Disney shares are down 8% in heavy trading, extending a selloff that started yesterday after the media conglom posted weaker than expected earnings and streaming data for the September quarter.
The dip in the shares, changing hands at about $161, is weighing on the broader market. Disney is one of only 30 highly selective, heavyweight stocks included in the Dow Jones Industrial Average so a big move like today’s has an impact, pulling the index lower. (The DJIA is off 80 points or 0.22%. The broader Nasdaq, S&P 500 and Russell 2000 are all in positive territory.)
Disney+ growth slowed for the fiscal fourth quarter, adding 2.1 million subscribers to hit 118.1 million. That’s 10M less than it added in the prior quarter. On a call with analysts and an appearance on CNBC, CEO Bob Chapek said the streamer is still on track to meet its longer-term 2024 FY targets in large part as it pushes into new markets (it plans to double the international territories it’s in by fiscal 2023) and continuing to roll out fresh content based on Disney franchises.

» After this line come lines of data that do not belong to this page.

Lemma sinkhorn_block_system_sqrt :
  sinkhorn_block_system K L t
    ((s + (K - L)) / (K * (K + L + s))) (2 / (K + L + s)) ((s - (K - L)) / (L * (K + L + s))).
Proof.
have [s_gt_LK s_gt_KL] : - s < K - L /\ K - L < s.
  by apply/andP; rewrite -ltr_norml norm_lt_s.
have u_gt0 : 0 < s + (K - L) by lra.
have v_gt0 : 0 < s - (K - L) by lra.
have K_neq0 := lt0r_neq0 K_gt0; have L_neq0 := lt0r_neq0 L_gt0.
have w_neq0 := lt0r_neq0 w_gt0.
split; first by split; rewrite ?divr_gt0 ?mulr_gt0 ?ltr0n.
split; [by field; rewrite ?K_neq0 ?w_neq0 | by field; rewrite ?L_neq0 ?w_neq0 |].
have -> : (s + (K - L)) / (K * (K + L + s)) * ((s - (K - L)) / (L * (K + L + s)))
          = (s ^+ 2 - (K - L) ^+ 2) / (K * L * (K + L + s) ^+ 2).
  by field; rewrite ?K_neq0 ?L_neq0 ?w_neq0.
by rewrite s_sqr; field; rewrite ?K_neq0 ?L_neq0 ?w_neq0.
Qed.

Lemma sinkhorn_block_system_closed_form : t != 1 ->
  let a := 1 / K + (K + L - s) / (2 * K ^+ 2 * (t - 1)) in
  sinkhorn_block_system K L t a ((1 - K * a) / L) ((1 - K * ((1 - K * a) / L)) / L).
Proof.
move=> t_neq1 a.
have K_neq0 := lt0r_neq0 K_gt0; have L_neq0 := lt0r_neq0 L_gt0.
have w_neq0 := lt0r_neq0 w_gt0; have t1_neq0 : t - 1 != 0 by rewrite subr_eq0.
have rationalize : K + L - s = 4 * K * L * (1 - t) / (K + L + s).
  by apply: (mulIf w_neq0); rewrite mulfVK // -subr_sqr s_sqr; ring.
have -> : a = (s + (K - L)) / (K * (K + L + s)).
  by rewrite /a rationalize; field; rewrite ?K_neq0 ?w_neq0 ?t1_neq0.
have sol := sinkhorn_block_system_sqrt.
by have [<- <-] := sinkhorn_block_system_affine L_neq0 sol.
Qed.

End ClosedForm.

Section BlockConstantMatrix.
Variables (k l : nat).

Local Notation block_const p q r u :=
  (block_mx (const_mx p) (const_mx q) (const_mx r) (const_mx u) : 'M_(k + l)).

Lemma block_const_mxE (T : Type) (p q r u : T) (i j : 'I_(k + l)) :
  block_const p q r u i j =
  if (i < k)%N then (if (j < k)%N then p else q) else (if (j < k)%N then r else u).
Proof.
by case: split_ordP => i' ->; case: split_ordP => j' ->;
  rewrite ?block_mxEul ?block_mxEur ?block_mxEdl ?block_mxEdr mxE.
Qed.

Lemma block_const_row_eq (T : Type) (p q r u : T) (i i' : 'I_(k + l)) :
  (i < k)%N = (i' < k)%N -> row i (block_const p q r u) = row i' (block_const p q r u).
Proof. by move=> ii'; apply/rowP => j; rewrite mxE [RHS]mxE !block_const_mxE ii'. Qed.
Lemma sign_pattern_step a c1 c2 n d A B :
  a * a < 0 -> 0 < c1 -> 0 < c2 -> 0 < n -> sign_pattern a d A B ->
  sign_pattern a d.+1 (- (c1 * (a * A + n * B))) (c2 * (A - a * B)).
Proof.
move=> aa c1_gt0 c2_gt0 n_gt0 [s [x [y [s0]]]]; rewrite /sign_pattern oddS.
case: (odd d) => /= -[-> -> hx hy].
  have hsum : x + n * y < 0 by apply: ltr_nwDl hx _; rewrite ltW // pmulr_rlt0.
  have hdiff : x - a * a * y < 0.
    by apply: ltr_nwDl hx _; rewrite oppr_le0 ltW // nmulr_rgt0.
  exists (- s), (c1 * (x + n * y)), (- (c2 * (x - a * a * y))).
  rewrite oppr_eq0 s0 oppr_gt0 pmulr_rlt0 //; split => //.
  by split; [ring | ring | rewrite ltW // pmulr_rlt0 |].
have hsum : 0 < a * a * x + n * y.
  by apply: ltr_wpDl; [exact: mulr_le0 (ltW aa) hx | rewrite pmulr_rgt0].
exists s, (- (c1 * (a * a * x + n * y))), (c2 * (x - y)); split => //.
split; [ring | ring | by rewrite oppr_lt0 pmulr_rgt0 |].
by rewrite pmulr_rlt0 // subr_lt0 (le_lt_trans hx hy).
Qed.

Lemma sign_pattern_neq0 a n d A B :
  a * a < 0 -> 0 < n -> sign_pattern a d A B -> a * A + n * B != 0.
Proof.
move=> aa n_gt0 [s [x [y [s0]]]].
have a0 : a != 0 by apply: contraTneq aa => ->; rewrite mul0r ltxx.
case: (odd d) => -[-> -> hx hy].
  have hsum : x + n * y < 0 by apply: ltr_nwDl hx _; rewrite ltW // pmulr_rlt0.
  have -> : a * (s * x) + n * (s * a * y) = s * a * (x + n * y) by ring.
  by rewrite !mulf_neq0 // lt_eqF.
have hsum : 0 < a * a * x + n * y.
  by apply: ltr_wpDl; [exact: mulr_le0 (ltW aa) hx | rewrite pmulr_rgt0].
have -> : a * (s * a * x) + n * (s * y) = s * (a * a * x + n * y) by ring.
by rewrite mulf_neq0 // gt_eqF.
Qed.
(* Let $n,v,s,t$ be integers with $1\le v\le s\le t\le n$, let $u=\lceil s/v\rceil$, assume $uv\le n$, and put $n_0=n-u(v-1)$. Let $\mathfrak{P}=\{\mathcal{P}_1,\dots,\mathcal{P}_S\}$ be a $u$-complete collection of $v$-partitions of $[n]$, $\mathcal{P}_i=\{P^i_1,\dots,P^i_v\}$, such that every part satisfies $|P^i_j|\le n_0$ (this is the case, e.g., when $S=S(n,u,v)$ is minimal). Let $\mathcal{C}_0$ be a systematic linear $(u,t)$-batch code over $\mathbb{F}_q$ of dimension $n_0$ and redundancy $r_0$, with (linear) encoder $\mathcal{E}_0:\mathbb{F}_q^{n_0}\to\mathbb{F}_q^{r_0}$ such that $(\mathbf{x},\mathcal{E}_0(\mathbf{x}))\in\mathcal{C}_0$ for all $\mathbf{x}$. Define $\mathcal{E}:\mathbb{F}_q^n\to\mathbb{F}_q^{vSr_0}$ by $$\mathcal{E}(\mathbf{x})=\big(\mathcal{E}_0(\mathbf{x}|_{P^1_1},\mathbf{0}),\dots,\mathcal{E}_0(\mathbf{x}|_{P^1_v},\mathbf{0}),\dots,\mathcal{E}_0(\mathbf{x}|_{P^S_1},\mathbf{0}),\dots,\mathcal{E}_0(\mathbf{x}|_{P^S_v},\mathbf{0})\big),$$ where $\mathbf{x}|_P$ lists the coordinates of $\mathbf{x}$ indexed by $P$ in increasing order and $(\mathbf{x}|_P,\mathbf{0})\in\mathbb{F}_q^{n_0}$ is obtained by appending zeros. Then $\mathcal{C}=\{(\mathbf{x},\mathcal{E}(\mathbf{x})):\mathbf{x}\in\mathbb{F}_q^n\}$ is an $(s,t)$-batch code of dimension $n$ and redundancy $v\cdot S\cdot r_0$.
   Context: $[m]=\{1,\dots,m\}$. A linear code $\mathcal{C}\subseteq\mathbb{F}^N$ of dimension $n$ is systematic if for every $\mathbf{x}\in\mathbb{F}^n$ there is a unique codeword whose first $n$ coordinates equal $\mathbf{x}$. A set $R\subseteq[N]$ is a recovering set for $i\in[n]$ if there are scalars $\lambda_k$ ($k\in R$) with $\mathbf{c}(i)=\sum_{k\in R}\lambda_k\mathbf{c}(k)$ for all $\mathbf{c}\in\mathcal{C}$. $(s,t)$-batch code ($1\le s\le t$): a systematic linear code $\mathcal{C}\subseteq\mathbb{F}^N$ of dimension $n$ such that for every choice of indices $i_1,\dots,i_s\in[n]$ (not necessarily distinct) and nonnegative integers $a_1,\dots,a_s$ with $\sum_j a_j=t$, there exist $t$ pairwise disjoint sets $R_{j,l}\subseteq[N]$ ($j\in[s]$, $l\in[a_j]$), each a recovering set for $i_j$. Redundancy is $N-n$. A $v$-partition of $[n]$ is a partition of $[n]$ into $v$ sets $P_1,\dots,P_v$ (for this definition parts may be empty). A $uv$-subset $I\subseteq[n]$ is covered by the $v$-partition $\{P_1,\dots,P_v\}$ if $|P_i\cap I|=u$ for all $i\in[v]$. A collection of $v$-partitions of $[n]$ is $u$-complete if every $uv$-subset of $[n]$ is covered by some member of the collection. $S(n,u,v)$ is the minimum cardinality of a $u$-complete collection of $v$-partitions of $[n]$ (for $uv\le n$). *)

From HB Require Import structures.
From mathcomp Require Import all_boot all_order all_algebra all_field.
Set Implicit Arguments. Unset Strict Implicit. Unset Printing Implicit Defensive.
Import GRing.Theory.
Local Open Scope ring_scope.

Section Codes.
Variable F : finFieldType.

Definition linear_code (N : nat) (C : {set 'rV[F]_N}) : Prop :=
  0 \in C /\ forall (a : F) (x y : 'rV[F]_N), x \in C -> y \in C -> a *: x + y \in C.

Definition systematic (n r : nat) (C : {set 'rV[F]_(n + r)}) : Prop :=
  forall x : 'rV[F]_n, exists! c : 'rV[F]_(n + r), c \in C /\ lsubmx c = x.

Definition recovering_set (n r : nat) (C : {set 'rV[F]_(n + r)})
    (i : 'I_n) (R : {set 'I_(n + r)}) : Prop :=
  exists lam : 'I_(n + r) -> F,
    forall c, c \in C -> c 0 (lshift r i) = \sum_(k in R) lam k * c 0 k.

Definition batch_code (s t n r : nat) (C : {set 'rV[F]_(n + r)}) : Prop :=
  [/\ (1 <= s <= t)%N, linear_code C, systematic C &
   forall (idx : 'I_s -> 'I_n) (a : 'I_s -> nat),
     (\sum_(j < s) a j)%N = t ->
     exists R : forall j : 'I_s, 'I_(a j) -> {set 'I_(n + r)},
       (forall j (l : 'I_(a j)), recovering_set C (idx j) (R j l)) /\
       (forall j (l : 'I_(a j)) j' (l' : 'I_(a j')),
          (j != j') || (nat_of_ord l != nat_of_ord l') ->
          [disjoint R j l & R j' l'])].

End Codes.

(* v-partition of [n] (parts indexed by 'I_v, possibly empty) *)
Definition v_partition (n v : nat) (P : 'I_v -> {set 'I_n}) : Prop :=
  (forall x : 'I_n, exists j, x \in P j) /\
  (forall j j', j != j' -> [disjoint P j & P j']).

Definition covers (n u v : nat) (P : 'I_v -> {set 'I_n}) (I : {set 'I_n}) : Prop :=
  forall j, #|P j :&: I| = u.

Definition u_complete (n u v S : nat) (Pcol : 'I_S -> 'I_v -> {set 'I_n}) : Prop :=
  forall I : {set 'I_n}, #|I| = (u * v)%N -> exists i, covers u (Pcol i) I.

Definition ceil_div (s v : nat) : nat := ((s + v.-1) %/ v)%N.

(* (x|_P, 0) in F^{n0}: coordinates of x indexed by P in increasing order,
   padded with zeros (truncated if #|P| > n0, which is excluded in the theorem) *)
Definition restrict_pad (F : fieldType) (n n0 : nat) (P : {set 'I_n}) (x : 'rV[F]_n)
  : 'rV[F]_n0 :=
  \row_(k < n0) oapp (fun i : 'I_n => x 0 i) 0 (onth (enum P) k).

(* E(x) = (E0(x|P^1_1,0), ..., E0(x|P^1_v,0), ..., E0(x|P^S_v,0)),
   of length S*(v*r0) = v*S*r0 *)
Definition concat_encoder (F : fieldType) (n n0 r0 v S : nat)
    (Pcol : 'I_S -> 'I_v -> {set 'I_n}) (E0 : 'rV[F]_n0 -> 'rV[F]_r0)
    (x : 'rV[F]_n) : 'rV[F]_(S * (v * r0)) :=
  mxvec (\matrix_(i < S, jk < v * r0)
           (mxvec (\matrix_(j < v, k < r0) E0 (restrict_pad n0 (Pcol i j) x) 0 k)) 0 jk).

Definition code_of (F : finFieldType) (n r : nat) (E : 'rV[F]_n -> 'rV[F]_r)
  : {set 'rV[F]_(n + r)} :=
  [set row_mx x (E x) | x : 'rV[F]_n].

From HB Require Import structures.
From mathcomp Require Import all_boot all_order all_algebra all_field.
From mathcomp Require Import zify.
Set Implicit Arguments. Unset Strict Implicit. Unset Printing Implicit Defensive.
Import GRing.Theory.
Local Open Scope ring_scope.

Disney+ is gearing up for a major drop on Friday — the two-year anniversary of its launch — with new details and a first look at art and trailers for upcoming content. Shang-Chi and Jungle Cruise will be available to stream tomorrow and Disney is offering subscribers one month of the service for $2.
“We wonder if Disney+ is too narrow a product and requires much greater investment in non-Disney content to widen out the product’s appeal,” said MoffettNathanson analysts.
Wall Streeters and industry players have consistently praised Disney’s track record in successfully growing Disney+ from zero to 118 million, the question is what’s next.
“The admission that Disney+ growth will re-accelerate when content spending re-accelerates is
consistent with the recent experience at Netflix, where the growth slumber created by the
pandemic’s pull-forward of subscribers was finally shattered by record amounts of new content
dropped in the last few months of this year,” the firm said. “Taken together, this reality brings us back to the Warren Buffett quote above that he used to describe the airline industry, but that we think applies to streaming as well: “The worst sort of business is one that grows rapidly, requires
significant capital to engender the growth, and then earns little or no money.”
“We remain somewhat skeptical that more Star Wars/Marvel/animated/family content will be sufficient to grow the Disney+ audience out to parity with Netflix,” said Doug Creutz of Cowen.
Disney’s total revenue surged last quarter as theme parks recovered and advertising returned, but still came up short of forecasts, as did earnings. For better or worse Wall Street is laser focused on streaming, which helped Disney stock soar to new highs last year.